● Work item:
Here are the records. Write out exactly the lines between the one holding "Let m := size roots_seq." and the one holding "(w.1 \in nth", inclusive.

......

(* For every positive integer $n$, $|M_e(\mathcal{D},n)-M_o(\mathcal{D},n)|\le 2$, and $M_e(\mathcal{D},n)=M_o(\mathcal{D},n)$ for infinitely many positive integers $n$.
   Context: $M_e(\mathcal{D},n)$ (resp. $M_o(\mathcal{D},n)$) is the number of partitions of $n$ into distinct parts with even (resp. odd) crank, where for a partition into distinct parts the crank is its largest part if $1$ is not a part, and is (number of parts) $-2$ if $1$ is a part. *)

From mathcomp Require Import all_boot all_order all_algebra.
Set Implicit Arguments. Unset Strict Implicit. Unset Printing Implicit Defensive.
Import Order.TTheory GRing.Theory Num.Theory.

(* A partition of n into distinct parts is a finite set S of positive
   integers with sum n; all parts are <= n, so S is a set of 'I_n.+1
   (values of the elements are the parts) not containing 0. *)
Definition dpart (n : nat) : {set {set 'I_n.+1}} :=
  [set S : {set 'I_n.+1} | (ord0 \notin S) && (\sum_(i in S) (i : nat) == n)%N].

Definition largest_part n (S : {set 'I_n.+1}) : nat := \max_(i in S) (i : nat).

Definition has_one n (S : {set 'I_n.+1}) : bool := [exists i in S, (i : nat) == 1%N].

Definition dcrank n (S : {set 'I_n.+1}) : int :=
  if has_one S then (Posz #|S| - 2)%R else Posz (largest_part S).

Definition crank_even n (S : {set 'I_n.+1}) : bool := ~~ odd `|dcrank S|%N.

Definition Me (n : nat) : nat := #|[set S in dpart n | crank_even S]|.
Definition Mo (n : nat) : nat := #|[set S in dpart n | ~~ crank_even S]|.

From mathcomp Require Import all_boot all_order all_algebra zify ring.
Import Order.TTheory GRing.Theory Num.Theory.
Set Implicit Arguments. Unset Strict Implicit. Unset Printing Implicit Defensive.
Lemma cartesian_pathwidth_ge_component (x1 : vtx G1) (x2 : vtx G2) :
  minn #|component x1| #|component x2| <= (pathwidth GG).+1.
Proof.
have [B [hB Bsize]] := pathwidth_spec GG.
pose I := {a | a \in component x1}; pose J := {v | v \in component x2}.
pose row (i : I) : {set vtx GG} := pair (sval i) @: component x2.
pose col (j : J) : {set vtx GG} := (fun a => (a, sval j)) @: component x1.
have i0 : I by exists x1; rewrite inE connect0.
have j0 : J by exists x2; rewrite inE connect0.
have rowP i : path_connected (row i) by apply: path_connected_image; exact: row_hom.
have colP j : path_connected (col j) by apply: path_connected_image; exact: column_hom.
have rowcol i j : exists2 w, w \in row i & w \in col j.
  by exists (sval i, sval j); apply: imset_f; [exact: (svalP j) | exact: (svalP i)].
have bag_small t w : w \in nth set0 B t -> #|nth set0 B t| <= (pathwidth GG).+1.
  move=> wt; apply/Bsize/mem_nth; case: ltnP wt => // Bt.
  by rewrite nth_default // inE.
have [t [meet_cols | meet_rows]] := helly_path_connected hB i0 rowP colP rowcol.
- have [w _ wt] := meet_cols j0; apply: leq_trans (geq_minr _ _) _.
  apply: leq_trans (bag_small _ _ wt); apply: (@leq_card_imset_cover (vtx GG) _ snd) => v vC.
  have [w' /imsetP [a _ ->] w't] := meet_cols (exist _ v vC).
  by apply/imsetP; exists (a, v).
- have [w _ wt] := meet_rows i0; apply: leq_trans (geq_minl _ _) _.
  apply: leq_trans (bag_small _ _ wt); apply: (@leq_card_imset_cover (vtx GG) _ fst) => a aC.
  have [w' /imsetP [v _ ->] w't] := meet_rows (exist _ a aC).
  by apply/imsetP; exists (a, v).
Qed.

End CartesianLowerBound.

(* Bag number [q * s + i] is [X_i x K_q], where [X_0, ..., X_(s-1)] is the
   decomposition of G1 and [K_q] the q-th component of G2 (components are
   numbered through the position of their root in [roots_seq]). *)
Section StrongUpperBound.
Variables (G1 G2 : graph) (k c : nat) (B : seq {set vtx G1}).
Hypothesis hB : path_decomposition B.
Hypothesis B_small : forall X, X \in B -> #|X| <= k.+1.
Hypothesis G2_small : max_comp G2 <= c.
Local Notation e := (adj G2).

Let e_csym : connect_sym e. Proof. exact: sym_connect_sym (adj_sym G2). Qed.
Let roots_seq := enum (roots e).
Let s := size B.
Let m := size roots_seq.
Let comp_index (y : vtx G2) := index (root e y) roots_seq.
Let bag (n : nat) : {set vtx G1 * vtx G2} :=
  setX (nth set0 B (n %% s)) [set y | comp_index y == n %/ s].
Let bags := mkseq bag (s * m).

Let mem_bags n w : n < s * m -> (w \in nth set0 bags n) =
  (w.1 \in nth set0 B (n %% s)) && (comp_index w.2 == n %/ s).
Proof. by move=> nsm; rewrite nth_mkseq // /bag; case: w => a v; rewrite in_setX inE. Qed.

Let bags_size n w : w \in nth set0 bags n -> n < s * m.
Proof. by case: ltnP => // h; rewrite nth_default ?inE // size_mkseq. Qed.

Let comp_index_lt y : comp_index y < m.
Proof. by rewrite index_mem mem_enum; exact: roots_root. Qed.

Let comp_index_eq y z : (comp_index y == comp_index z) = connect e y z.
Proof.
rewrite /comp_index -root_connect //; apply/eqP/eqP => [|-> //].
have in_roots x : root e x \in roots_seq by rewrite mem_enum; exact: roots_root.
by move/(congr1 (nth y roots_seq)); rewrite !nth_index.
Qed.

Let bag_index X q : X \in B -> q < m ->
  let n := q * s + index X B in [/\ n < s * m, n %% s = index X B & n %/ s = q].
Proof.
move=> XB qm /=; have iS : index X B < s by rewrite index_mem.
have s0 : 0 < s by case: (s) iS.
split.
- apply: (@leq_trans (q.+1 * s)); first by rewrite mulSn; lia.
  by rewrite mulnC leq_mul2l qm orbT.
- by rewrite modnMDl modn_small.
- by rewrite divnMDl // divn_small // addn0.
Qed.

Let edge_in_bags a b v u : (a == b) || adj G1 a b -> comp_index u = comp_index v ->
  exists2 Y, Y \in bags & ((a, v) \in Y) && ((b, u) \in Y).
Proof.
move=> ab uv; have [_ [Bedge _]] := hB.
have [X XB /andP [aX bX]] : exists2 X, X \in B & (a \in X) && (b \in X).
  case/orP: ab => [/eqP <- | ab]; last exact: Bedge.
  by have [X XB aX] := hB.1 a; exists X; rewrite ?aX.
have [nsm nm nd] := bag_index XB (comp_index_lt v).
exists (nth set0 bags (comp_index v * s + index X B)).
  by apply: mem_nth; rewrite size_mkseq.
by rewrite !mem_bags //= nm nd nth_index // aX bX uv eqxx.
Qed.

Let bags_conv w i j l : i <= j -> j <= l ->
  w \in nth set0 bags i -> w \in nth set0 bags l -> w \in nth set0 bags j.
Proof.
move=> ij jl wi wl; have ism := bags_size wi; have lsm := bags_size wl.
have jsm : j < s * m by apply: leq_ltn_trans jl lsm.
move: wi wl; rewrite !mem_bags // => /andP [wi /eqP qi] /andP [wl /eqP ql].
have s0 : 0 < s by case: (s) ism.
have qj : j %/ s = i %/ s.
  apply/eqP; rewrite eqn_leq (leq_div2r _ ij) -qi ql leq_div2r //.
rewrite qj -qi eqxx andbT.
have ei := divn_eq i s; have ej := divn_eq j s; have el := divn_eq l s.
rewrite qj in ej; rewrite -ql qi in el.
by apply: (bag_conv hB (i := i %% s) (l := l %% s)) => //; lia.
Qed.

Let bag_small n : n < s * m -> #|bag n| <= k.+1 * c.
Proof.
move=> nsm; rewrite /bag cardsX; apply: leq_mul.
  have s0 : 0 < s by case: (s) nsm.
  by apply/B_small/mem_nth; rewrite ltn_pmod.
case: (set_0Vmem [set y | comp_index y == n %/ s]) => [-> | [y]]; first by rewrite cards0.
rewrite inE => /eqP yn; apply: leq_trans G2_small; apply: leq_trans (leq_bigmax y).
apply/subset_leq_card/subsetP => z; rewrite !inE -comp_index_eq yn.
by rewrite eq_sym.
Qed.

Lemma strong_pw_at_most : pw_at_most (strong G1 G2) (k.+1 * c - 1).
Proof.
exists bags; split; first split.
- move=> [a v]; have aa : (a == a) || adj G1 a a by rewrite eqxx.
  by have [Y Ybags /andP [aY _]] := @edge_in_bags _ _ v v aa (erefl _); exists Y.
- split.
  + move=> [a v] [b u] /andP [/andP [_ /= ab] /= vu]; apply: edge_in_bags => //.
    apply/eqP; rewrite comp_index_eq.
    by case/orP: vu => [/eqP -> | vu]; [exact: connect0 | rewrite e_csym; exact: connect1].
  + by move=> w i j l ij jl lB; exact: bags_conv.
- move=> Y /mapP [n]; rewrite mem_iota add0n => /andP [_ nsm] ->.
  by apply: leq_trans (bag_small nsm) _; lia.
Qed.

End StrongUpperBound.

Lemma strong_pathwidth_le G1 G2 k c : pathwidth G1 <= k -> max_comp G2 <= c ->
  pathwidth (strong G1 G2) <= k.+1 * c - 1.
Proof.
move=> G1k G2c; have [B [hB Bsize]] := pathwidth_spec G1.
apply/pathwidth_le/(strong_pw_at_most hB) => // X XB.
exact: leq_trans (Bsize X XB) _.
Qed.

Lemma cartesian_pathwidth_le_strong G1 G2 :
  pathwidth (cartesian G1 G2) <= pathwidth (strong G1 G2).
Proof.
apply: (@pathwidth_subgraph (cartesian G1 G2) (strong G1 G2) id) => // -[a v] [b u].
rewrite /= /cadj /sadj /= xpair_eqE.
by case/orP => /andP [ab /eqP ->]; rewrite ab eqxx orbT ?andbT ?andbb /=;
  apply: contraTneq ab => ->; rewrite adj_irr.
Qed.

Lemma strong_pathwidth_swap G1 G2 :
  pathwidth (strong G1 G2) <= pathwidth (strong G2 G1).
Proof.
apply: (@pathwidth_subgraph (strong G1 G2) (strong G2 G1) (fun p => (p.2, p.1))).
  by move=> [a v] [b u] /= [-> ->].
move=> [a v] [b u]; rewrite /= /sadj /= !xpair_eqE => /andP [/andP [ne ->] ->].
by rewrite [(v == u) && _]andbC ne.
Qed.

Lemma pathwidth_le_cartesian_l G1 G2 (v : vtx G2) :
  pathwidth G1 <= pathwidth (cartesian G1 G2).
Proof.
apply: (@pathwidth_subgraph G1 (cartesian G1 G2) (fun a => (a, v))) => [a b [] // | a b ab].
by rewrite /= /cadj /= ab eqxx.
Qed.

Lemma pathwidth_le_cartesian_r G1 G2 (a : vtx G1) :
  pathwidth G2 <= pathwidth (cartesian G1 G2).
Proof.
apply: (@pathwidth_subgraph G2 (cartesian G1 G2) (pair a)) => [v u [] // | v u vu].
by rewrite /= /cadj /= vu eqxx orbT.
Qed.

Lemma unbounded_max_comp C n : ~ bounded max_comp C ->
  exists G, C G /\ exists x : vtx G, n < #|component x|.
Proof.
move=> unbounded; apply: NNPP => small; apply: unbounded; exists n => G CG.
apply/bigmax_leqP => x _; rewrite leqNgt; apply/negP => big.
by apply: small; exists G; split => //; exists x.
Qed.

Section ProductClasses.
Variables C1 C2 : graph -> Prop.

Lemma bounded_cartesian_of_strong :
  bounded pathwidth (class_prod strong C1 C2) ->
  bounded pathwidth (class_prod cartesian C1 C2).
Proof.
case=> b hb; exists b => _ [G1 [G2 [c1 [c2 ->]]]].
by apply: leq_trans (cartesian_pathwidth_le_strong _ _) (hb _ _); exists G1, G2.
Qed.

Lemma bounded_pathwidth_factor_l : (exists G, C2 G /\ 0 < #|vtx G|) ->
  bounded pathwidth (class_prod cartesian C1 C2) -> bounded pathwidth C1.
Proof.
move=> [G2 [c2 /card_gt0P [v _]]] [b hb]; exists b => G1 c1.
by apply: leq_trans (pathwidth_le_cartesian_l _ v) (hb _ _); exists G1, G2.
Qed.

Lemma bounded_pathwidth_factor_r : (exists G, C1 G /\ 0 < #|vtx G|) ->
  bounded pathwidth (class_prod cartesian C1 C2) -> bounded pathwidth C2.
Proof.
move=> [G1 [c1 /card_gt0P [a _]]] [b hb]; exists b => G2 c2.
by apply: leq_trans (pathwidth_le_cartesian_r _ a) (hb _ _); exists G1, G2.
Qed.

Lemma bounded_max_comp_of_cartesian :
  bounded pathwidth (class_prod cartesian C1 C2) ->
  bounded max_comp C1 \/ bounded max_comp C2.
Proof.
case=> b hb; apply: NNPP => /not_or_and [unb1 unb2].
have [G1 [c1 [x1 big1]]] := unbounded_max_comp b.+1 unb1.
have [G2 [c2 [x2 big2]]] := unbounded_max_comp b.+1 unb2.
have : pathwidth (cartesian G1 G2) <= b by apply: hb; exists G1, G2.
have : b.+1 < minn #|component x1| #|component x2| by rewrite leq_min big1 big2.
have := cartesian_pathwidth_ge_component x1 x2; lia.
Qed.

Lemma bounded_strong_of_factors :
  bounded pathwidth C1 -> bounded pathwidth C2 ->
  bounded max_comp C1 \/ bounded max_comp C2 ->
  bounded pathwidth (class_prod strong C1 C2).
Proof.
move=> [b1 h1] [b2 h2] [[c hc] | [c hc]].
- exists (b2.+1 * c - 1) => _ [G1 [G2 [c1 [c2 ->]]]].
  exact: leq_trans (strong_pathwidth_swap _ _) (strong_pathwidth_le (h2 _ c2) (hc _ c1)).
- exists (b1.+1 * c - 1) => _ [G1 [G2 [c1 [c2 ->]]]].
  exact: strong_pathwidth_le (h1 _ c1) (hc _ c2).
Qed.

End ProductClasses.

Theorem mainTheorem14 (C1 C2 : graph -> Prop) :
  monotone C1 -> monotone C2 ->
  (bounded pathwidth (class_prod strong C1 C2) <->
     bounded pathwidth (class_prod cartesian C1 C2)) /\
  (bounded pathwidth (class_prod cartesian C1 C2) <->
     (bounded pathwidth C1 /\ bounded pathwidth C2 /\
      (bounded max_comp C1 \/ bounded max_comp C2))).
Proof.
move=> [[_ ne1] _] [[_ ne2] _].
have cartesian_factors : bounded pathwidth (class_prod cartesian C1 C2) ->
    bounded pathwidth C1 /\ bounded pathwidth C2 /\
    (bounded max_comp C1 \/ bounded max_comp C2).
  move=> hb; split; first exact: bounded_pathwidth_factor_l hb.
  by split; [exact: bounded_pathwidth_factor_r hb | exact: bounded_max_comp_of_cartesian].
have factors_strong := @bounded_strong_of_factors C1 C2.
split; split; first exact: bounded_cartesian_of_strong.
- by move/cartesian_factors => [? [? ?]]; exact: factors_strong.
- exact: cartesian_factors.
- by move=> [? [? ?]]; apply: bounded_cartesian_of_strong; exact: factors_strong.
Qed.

......

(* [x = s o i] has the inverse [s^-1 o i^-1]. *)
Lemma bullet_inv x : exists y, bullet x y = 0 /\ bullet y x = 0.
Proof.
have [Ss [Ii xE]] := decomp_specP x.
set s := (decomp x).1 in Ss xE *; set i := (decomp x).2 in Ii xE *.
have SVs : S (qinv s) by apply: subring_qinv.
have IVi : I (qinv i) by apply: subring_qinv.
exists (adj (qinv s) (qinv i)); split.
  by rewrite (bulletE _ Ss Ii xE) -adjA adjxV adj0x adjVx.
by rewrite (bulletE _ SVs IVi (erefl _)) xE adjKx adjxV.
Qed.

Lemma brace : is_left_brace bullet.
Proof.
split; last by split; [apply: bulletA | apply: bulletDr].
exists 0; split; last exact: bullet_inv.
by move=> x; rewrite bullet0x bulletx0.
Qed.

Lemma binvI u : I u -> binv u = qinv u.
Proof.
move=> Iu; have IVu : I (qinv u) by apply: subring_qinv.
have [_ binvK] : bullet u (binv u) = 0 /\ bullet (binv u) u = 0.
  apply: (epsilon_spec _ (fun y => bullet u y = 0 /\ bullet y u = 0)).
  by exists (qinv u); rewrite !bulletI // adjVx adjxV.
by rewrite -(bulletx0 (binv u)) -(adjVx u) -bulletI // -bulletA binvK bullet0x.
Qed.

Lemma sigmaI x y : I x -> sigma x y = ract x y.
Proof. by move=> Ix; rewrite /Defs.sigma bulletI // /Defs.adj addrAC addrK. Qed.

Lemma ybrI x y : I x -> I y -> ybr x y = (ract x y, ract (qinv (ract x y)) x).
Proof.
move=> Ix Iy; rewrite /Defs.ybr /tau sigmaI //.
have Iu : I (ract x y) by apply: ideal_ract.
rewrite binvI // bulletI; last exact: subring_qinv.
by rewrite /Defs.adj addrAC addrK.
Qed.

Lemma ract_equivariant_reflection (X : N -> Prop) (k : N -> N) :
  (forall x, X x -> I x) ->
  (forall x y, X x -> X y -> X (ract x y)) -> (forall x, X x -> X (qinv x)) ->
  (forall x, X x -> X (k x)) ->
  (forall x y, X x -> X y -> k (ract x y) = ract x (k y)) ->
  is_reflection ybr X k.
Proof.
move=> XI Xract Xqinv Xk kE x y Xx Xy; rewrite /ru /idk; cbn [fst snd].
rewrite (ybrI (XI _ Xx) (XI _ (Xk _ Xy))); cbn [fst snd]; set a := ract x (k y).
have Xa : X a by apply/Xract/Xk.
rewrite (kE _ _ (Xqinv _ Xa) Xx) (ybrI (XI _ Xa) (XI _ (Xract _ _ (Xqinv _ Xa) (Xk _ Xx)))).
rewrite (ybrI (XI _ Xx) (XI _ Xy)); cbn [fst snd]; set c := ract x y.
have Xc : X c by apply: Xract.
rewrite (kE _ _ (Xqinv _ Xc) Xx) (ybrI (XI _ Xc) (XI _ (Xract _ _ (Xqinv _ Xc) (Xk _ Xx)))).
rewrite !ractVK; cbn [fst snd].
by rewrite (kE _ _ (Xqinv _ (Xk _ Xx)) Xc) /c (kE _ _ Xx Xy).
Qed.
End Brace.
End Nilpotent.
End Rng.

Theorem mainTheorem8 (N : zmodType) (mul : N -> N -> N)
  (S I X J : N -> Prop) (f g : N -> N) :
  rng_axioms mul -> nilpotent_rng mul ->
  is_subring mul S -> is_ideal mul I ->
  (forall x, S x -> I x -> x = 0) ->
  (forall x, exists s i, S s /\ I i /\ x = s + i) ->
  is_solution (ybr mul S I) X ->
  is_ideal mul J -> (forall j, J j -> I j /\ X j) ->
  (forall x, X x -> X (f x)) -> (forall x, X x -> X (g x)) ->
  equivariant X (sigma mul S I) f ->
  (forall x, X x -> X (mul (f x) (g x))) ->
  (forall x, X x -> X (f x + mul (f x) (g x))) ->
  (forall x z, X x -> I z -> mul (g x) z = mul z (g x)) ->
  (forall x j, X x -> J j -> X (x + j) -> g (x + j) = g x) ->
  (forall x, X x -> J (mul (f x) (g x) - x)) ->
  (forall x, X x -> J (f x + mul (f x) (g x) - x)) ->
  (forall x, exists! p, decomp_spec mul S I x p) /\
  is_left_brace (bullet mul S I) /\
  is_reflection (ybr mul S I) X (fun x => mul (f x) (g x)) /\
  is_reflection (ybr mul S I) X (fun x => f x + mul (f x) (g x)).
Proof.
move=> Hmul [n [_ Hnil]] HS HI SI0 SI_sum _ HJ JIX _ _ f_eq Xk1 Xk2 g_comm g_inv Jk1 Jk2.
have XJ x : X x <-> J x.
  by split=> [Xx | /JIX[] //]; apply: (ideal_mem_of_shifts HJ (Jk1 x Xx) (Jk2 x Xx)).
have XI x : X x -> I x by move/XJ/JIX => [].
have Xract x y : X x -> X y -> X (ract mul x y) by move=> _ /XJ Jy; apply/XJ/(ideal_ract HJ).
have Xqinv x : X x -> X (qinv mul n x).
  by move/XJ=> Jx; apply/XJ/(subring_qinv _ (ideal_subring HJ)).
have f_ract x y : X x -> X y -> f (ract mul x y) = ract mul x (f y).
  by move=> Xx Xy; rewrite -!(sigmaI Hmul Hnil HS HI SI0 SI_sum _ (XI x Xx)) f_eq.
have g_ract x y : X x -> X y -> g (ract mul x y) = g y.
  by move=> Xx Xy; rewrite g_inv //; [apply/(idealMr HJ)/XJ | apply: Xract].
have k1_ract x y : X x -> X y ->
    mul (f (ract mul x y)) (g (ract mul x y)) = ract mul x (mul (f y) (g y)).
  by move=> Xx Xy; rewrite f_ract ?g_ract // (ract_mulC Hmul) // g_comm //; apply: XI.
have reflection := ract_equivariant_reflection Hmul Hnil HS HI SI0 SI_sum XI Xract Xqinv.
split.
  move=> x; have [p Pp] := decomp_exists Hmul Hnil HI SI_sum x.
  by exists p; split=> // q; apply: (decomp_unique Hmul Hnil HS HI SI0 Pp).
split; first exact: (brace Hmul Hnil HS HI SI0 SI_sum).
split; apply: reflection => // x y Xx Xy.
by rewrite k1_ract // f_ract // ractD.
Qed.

......

● Reply to the task:
Let m := size roots_seq.
Let comp_index (y : vtx G2) := index (root e y) roots_seq.
Let bag (n : nat) : {set vtx G1 * vtx G2} :=
  setX (nth set0 B (n %% s)) [set y | comp_index y == n %/ s].
Let bags := mkseq bag (s * m).

Let mem_bags n w : n < s * m -> (w \in nth set0 bags n) =
  (w.1 \in nth set0 B (n %% s)) && (comp_index w.2 == n %/ s).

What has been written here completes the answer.